Segment Open

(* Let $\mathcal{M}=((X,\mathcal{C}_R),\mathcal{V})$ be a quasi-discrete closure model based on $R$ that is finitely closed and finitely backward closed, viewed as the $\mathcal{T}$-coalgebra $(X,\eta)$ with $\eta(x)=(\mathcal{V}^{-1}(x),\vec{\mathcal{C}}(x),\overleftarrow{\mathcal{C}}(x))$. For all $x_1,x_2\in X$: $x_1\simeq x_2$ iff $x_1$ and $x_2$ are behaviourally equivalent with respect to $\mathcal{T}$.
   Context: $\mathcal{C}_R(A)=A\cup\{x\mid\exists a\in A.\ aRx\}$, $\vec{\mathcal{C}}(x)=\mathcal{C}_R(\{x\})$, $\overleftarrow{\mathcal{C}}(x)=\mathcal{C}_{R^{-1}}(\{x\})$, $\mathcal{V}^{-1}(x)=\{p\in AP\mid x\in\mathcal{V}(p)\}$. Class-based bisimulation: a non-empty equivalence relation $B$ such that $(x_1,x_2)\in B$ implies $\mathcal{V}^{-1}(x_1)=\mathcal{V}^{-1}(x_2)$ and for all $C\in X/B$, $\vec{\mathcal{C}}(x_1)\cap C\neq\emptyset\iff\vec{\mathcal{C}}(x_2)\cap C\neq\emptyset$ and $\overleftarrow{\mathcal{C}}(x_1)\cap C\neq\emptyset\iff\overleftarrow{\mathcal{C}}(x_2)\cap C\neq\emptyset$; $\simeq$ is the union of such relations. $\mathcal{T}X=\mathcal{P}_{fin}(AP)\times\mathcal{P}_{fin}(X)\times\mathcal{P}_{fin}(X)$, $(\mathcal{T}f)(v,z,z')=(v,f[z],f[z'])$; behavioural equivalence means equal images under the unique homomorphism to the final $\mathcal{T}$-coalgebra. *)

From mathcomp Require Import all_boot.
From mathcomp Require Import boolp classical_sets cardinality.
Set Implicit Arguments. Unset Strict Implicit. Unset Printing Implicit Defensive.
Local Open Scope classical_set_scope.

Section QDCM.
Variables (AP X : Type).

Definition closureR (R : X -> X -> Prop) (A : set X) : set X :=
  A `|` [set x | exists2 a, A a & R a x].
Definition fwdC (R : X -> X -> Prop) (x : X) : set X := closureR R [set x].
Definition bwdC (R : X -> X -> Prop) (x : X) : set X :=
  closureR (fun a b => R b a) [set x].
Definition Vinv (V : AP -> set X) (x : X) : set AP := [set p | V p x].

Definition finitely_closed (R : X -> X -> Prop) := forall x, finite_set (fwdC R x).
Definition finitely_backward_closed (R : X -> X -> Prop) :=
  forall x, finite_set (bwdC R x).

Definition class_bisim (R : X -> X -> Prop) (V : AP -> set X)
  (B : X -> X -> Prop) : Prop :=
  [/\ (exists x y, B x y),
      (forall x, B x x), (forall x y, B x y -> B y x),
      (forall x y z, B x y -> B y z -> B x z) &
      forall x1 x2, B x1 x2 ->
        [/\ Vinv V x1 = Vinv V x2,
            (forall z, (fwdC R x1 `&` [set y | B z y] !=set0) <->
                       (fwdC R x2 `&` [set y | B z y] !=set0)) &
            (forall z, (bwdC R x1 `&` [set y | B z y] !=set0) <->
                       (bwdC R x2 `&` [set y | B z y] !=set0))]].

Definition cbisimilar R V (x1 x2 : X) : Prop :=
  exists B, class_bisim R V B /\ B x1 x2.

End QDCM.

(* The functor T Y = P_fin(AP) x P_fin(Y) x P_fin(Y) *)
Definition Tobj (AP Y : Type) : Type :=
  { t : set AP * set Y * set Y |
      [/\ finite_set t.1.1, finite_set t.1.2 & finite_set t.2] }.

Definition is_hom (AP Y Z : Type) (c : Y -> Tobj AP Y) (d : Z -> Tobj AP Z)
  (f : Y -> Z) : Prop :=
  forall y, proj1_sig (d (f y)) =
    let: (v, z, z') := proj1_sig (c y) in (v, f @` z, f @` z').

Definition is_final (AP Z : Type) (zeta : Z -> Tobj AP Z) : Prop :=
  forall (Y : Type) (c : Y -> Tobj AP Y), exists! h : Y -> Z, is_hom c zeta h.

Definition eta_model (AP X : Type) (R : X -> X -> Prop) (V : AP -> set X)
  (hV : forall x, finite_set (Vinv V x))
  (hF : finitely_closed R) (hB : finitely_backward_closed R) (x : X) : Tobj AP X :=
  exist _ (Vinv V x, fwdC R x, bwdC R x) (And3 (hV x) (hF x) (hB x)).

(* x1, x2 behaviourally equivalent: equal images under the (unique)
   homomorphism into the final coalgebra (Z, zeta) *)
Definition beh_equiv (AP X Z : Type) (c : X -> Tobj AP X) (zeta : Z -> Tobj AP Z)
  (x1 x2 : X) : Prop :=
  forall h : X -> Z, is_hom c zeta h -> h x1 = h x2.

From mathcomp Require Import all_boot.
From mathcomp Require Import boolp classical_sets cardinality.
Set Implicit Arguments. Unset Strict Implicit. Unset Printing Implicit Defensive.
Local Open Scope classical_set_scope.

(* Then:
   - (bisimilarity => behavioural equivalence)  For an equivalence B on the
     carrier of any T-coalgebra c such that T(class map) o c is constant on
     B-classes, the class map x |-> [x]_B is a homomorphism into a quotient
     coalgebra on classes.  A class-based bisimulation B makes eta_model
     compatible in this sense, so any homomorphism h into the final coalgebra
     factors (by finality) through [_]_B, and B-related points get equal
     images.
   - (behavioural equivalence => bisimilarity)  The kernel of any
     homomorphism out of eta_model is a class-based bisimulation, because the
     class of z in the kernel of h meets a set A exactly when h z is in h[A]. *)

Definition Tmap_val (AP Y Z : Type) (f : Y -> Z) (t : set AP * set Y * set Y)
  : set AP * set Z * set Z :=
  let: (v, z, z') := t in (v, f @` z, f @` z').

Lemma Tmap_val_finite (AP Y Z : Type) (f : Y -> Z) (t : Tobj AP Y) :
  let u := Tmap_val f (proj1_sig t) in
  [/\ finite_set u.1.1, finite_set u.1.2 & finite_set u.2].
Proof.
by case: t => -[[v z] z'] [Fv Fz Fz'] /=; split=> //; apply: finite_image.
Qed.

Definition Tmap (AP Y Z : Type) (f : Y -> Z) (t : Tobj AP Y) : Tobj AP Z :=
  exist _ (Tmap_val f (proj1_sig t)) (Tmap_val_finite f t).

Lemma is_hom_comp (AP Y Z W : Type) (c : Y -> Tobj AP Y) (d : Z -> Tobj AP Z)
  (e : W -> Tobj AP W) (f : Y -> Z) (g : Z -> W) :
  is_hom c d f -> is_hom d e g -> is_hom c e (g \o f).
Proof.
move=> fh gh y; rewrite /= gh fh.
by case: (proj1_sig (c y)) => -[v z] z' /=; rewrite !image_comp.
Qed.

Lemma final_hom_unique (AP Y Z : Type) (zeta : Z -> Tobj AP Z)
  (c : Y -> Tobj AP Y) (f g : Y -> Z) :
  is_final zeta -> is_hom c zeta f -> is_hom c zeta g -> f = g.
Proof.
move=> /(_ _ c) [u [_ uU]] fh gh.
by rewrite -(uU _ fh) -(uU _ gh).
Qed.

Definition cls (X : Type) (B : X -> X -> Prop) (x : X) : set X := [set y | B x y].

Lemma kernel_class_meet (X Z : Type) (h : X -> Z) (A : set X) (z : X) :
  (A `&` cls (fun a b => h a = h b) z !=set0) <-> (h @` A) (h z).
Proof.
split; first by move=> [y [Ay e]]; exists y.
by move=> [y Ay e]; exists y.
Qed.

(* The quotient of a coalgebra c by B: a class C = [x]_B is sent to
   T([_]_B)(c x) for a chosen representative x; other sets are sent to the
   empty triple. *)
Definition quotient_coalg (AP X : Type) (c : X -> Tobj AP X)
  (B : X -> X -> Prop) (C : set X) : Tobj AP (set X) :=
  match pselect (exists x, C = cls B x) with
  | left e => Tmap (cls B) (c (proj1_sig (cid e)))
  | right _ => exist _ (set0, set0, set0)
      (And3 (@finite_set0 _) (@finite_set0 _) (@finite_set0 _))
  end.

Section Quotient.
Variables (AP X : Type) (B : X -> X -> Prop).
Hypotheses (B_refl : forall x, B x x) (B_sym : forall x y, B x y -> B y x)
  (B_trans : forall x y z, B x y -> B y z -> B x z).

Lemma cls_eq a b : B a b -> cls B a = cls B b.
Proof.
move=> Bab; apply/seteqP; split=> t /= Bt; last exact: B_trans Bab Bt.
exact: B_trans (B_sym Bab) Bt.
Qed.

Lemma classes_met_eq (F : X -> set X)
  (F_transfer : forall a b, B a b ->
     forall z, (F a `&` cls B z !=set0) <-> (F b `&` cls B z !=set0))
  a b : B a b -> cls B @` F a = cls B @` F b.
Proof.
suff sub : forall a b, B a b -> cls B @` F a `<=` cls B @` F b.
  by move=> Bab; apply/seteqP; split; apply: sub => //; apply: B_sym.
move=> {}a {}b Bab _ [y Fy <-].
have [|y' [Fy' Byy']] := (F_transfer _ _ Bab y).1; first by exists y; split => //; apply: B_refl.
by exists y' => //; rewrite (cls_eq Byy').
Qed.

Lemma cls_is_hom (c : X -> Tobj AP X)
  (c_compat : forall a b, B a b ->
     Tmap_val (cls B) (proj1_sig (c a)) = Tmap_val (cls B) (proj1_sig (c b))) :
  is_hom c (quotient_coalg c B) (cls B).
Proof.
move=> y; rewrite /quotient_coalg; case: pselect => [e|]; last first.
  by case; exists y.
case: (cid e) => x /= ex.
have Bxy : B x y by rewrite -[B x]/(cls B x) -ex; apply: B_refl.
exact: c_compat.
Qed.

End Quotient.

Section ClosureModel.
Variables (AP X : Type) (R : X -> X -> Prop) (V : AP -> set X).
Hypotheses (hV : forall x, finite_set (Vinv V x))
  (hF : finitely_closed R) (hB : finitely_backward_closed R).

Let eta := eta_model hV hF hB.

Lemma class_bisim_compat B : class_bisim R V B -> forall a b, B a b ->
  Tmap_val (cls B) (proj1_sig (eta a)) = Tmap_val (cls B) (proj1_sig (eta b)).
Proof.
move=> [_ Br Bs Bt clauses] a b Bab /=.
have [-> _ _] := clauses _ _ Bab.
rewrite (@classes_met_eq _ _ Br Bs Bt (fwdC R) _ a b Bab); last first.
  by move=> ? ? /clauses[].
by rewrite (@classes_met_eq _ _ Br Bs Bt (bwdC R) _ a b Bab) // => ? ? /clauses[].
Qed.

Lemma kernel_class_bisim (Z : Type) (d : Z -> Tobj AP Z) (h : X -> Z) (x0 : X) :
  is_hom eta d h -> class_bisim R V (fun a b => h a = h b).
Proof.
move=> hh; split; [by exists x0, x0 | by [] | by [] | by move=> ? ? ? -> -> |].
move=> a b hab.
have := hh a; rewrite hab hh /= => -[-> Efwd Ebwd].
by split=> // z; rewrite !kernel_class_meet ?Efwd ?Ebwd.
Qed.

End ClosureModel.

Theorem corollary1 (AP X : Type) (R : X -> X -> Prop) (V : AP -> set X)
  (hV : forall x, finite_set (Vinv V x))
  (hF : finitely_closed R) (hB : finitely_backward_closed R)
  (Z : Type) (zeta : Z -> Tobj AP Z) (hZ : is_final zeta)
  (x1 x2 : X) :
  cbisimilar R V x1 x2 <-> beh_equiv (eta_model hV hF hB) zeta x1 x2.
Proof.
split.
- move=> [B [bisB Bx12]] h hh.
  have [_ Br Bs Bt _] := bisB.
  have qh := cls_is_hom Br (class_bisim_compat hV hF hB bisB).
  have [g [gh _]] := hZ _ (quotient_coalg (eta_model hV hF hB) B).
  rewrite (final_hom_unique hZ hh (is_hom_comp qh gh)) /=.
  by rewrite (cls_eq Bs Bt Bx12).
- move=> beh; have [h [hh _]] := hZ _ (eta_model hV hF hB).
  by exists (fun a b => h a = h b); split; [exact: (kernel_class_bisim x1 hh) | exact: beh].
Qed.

Segment Closed

Work instruction: Set down, exactly and without anything extra, every line from the one that contains "Hypotheses (hV : forall" through the final line of the material.

The completed task:
Hypotheses (hV : forall x, finite_set (Vinv V x))
  (hF : finitely_closed R) (hB : finitely_backward_closed R).

Let eta := eta_model hV hF hB.

Lemma class_bisim_compat B : class_bisim R V B -> forall a b, B a b ->
  Tmap_val (cls B) (proj1_sig (eta a)) = Tmap_val (cls B) (proj1_sig (eta b)).
Proof.
move=> [_ Br Bs Bt clauses] a b Bab /=.
have [-> _ _] := clauses _ _ Bab.
rewrite (@classes_met_eq _ _ Br Bs Bt (fwdC R) _ a b Bab); last first.
  by move=> ? ? /clauses[].
by rewrite (@classes_met_eq _ _ Br Bs Bt (bwdC R) _ a b Bab) // => ? ? /clauses[].
Qed.

Lemma kernel_class_bisim (Z : Type) (d : Z -> Tobj AP Z) (h : X -> Z) (x0 : X) :
  is_hom eta d h -> class_bisim R V (fun a b => h a = h b).
Proof.
move=> hh; split; [by exists x0, x0 | by [] | by [] | by move=> ? ? ? -> -> |].
move=> a b hab.
have := hh a; rewrite hab hh /= => -[-> Efwd Ebwd].
by split=> // z; rewrite !kernel_class_meet ?Efwd ?Ebwd.
Qed.

End ClosureModel.

Theorem corollary1 (AP X : Type) (R : X -> X -> Prop) (V : AP -> set X)
  (hV : forall x, finite_set (Vinv V x))
  (hF : finitely_closed R) (hB : finitely_backward_closed R)
  (Z : Type) (zeta : Z -> Tobj AP Z) (hZ : is_final zeta)
  (x1 x2 : X) :
  cbisimilar R V x1 x2 <-> beh_equiv (eta_model hV hF hB) zeta x1 x2.
Proof.
split.
- move=> [B [bisB Bx12]] h hh.
  have [_ Br Bs Bt _] := bisB.
  have qh := cls_is_hom Br (class_bisim_compat hV hF hB bisB).
  have [g [gh _]] := hZ _ (quotient_coalg (eta_model hV hF hB) B).
  rewrite (final_hom_unique hZ hh (is_hom_comp qh gh)) /=.
  by rewrite (cls_eq Bs Bt Bx12).
- move=> beh; have [h [hh _]] := hZ _ (eta_model hV hF hB).
  by exists (fun a b => h a = h b); split; [exact: (kernel_class_bisim x1 hh) | exact: beh].
Qed.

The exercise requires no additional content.